Overall, the Masterplan Communities business is in a strong position for further growth on the back of record top contracts on hand, increased embedded margins in our land bank, and the strong competitive advantage that we have in this sector. Turning to Land Lease. We see Land Lease as an attractive sector, and our business has performed ahead of expectations over the past six months, delivering 210 net sales and on average 12% price growth, both significantly ahead of our forecast when we acquired Halcyon. The strength of price growth is translating to margin expansion. Ultimately, we expect the combination of sustained customer demand and further activation of our pipeline will drive a material increase in settlement volumes over the coming years.
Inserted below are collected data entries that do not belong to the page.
Section GlidingHump.
Context {R : realType} {X : topologicalType}.
Local Notation CO := {compact-open, X -> R}.
Context {A : set X} {B : set CO} {w : X -> R}.
Hypotheses (w_ge0 : forall x, 0 <= w x) (B_disc : B `<=` weighted_disc w).
Hypothesis disc_banach : banach_disc (weighted_disc w).
Context {bound_on_A : (X -> R) -> R}.
Hypothesis bound_on_AP :
  forall u, continuous u -> forall x, A x -> `|u x| <= bound_on_A u.
Context {pick : R -> CO * X}.
Hypothesis pickP :
  forall M, [/\ B (pick M).1, A (pick M).2 & M < `|(pick M).1 (pick M).2|].

Definition hump_step (k : nat) (st : (X -> R) * R) : (X -> R) * R :=
  let c := 2 ^- k / (1 + st.2) in
  let p := pick ((bound_on_A st.1 + k%:R + 3) / c) in
  (fun x => st.1 x + c * p.1 x, st.2 + w p.2).

Fixpoint hump (n : nat) : (X -> R) * R :=
  if n is k.+1 then hump_step k (hump k) else (fun=> 0, 0).

Definition hump_sum (n : nat) : X -> R := (hump n).1.
Definition hump_mass (n : nat) : R := (hump n).2.
Definition hump_scale (n : nat) : R := 2 ^- n / (1 + hump_mass n).
Definition hump_target (n : nat) : R :=
  (bound_on_A (hump_sum n) + n%:R + 3) / hump_scale n.
Definition hump_pick (n : nat) : CO * X := pick (hump_target n).
Definition hump_fun (n : nat) : X -> R := (hump_pick n).1.
Definition hump_point (n : nat) : X := (hump_pick n).2.

Lemma hump_sumS n :
  hump_sum n.+1 = (fun x => hump_sum n x + hump_scale n * hump_fun n x).
Proof. by []. Qed.

Lemma hump_massS n : hump_mass n.+1 = hump_mass n + w (hump_point n).
Proof. by []. Qed.

Lemma hump_mass_ge0 n : 0 <= hump_mass n.
Proof. by elim: n => [|n IH] //; rewrite hump_massS addr_ge0. Qed.

Lemma hump_scale_gt0 n : 0 < hump_scale n.
Proof. by rewrite divr_gt0 ?invr_gt0 ?exprn_gt0 // ltr_pwDl ?hump_mass_ge0. Qed.

Lemma hump_scale_mass n : hump_scale n * (1 + hump_mass n) = 2 ^- n.
Proof. by rewrite /hump_scale divfK // gt_eqF // ltr_pwDl ?hump_mass_ge0. Qed.

Lemma hump_scale_le n : hump_scale n <= 2 ^- n.
Proof.
rewrite -hump_scale_mass ler_peMr ?(ltW (hump_scale_gt0 n)) //.
by rewrite lerDl hump_mass_ge0.
Qed.

Lemma hump_mass_ge {k j : nat} : (k < j)%N -> w (hump_point k) <= hump_mass j.
Proof.
elim: j => // j IH; rewrite ltnS leq_eqVlt hump_massS => /orP [/eqP ->|/IH kj].
  by rewrite lerDr hump_mass_ge0.
by rewrite (le_trans kj) // lerDl.
Qed.

Lemma hump_fun_disc n : weighted_disc w (hump_fun n).
Proof. by have [Bg _ _] := pickP (hump_target n); exact: B_disc. Qed.

Lemma hump_sum_continuous n : continuous (hump_sum n).
Proof.
elim: n => [|n IH]; first exact: cst_continuous.
rewrite hump_sumS; have := continuous_lincomb 1 (hump_scale n) IH (hump_fun_disc n).1.
by under eq_fun do rewrite mul1r.
Qed.

Lemma hump_pickP n : A (hump_point n) /\
  `|hump_sum n (hump_point n)| + n%:R + 3
    <= hump_scale n * `|hump_fun n (hump_point n)|.
Proof.
have [_ Ax] := pickP (hump_target n).
rewrite ltr_pdivrMr ?hump_scale_gt0 // mulrC => /ltW large; split=> //.
apply: le_trans large; rewrite !lerD2r.
exact: bound_on_AP (hump_sum_continuous n) _ Ax.
Qed.

Lemma hump_sum_cvg : exists2 h, continuous h & weighted_cvg w hump_sum h.
Proof.
apply: (halfpow_series_cvg w_ge0 disc_banach hump_fun_disc) => // k.
by rewrite gtr0_norm ?hump_scale_gt0 ?hump_scale_le.
Qed.

Lemma hump_tail k m : (k < m)%N ->
  `|hump_sum m (hump_point k) - hump_sum k.+1 (hump_point k)| <= 1.
Proof.
move=> km; set x := hump_point k.
have tail : `|hump_sum m x - hump_sum k.+1 x| <= 2 * 1 * 2 ^- k.+1.
  apply: (halfpow_increments_bound (hump_sum ^~ x)
    (fun j => hump_scale j * hump_fun j x)) => // j kj.
  rewrite mul1r normrM gtr0_norm ?hump_scale_gt0 // -hump_scale_mass.
  rewrite ler_pM2l ?hump_scale_gt0 //; apply: le_trans ((hump_fun_disc j).2 x) _.
  by rewrite (le_trans (hump_mass_ge kj)) // lerDr.
apply: le_trans tail _; rewrite mulr1 exprS invfM mulrA mulfV // mul1r.
by rewrite invf_le1 ?exprn_gt0 // exprn_ege1 // ler1n.
Qed.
In the near term, however, wet weather in Southeast Queensland and supply chain constraints are expected to see our FY 2022 settlement volumes fall below our previous target of 300 home sites. We expect 60-80 of these settlements to defer into FY 2023. Through our land bank and Masterplan Community acquisitions capability, we have a strong competitive advantage in building our land lease pipeline, which now sits at over 7,000 and is the largest in the sector. Today, we also announced a capital partnership with Mitsubishi Estate Asia for the establishment of the Stockland Residential Rental Partnership. Strategically, this partnership will support the rapid growth of the land lease business, accelerate the realization of development margins from our land bank, and enhance returns.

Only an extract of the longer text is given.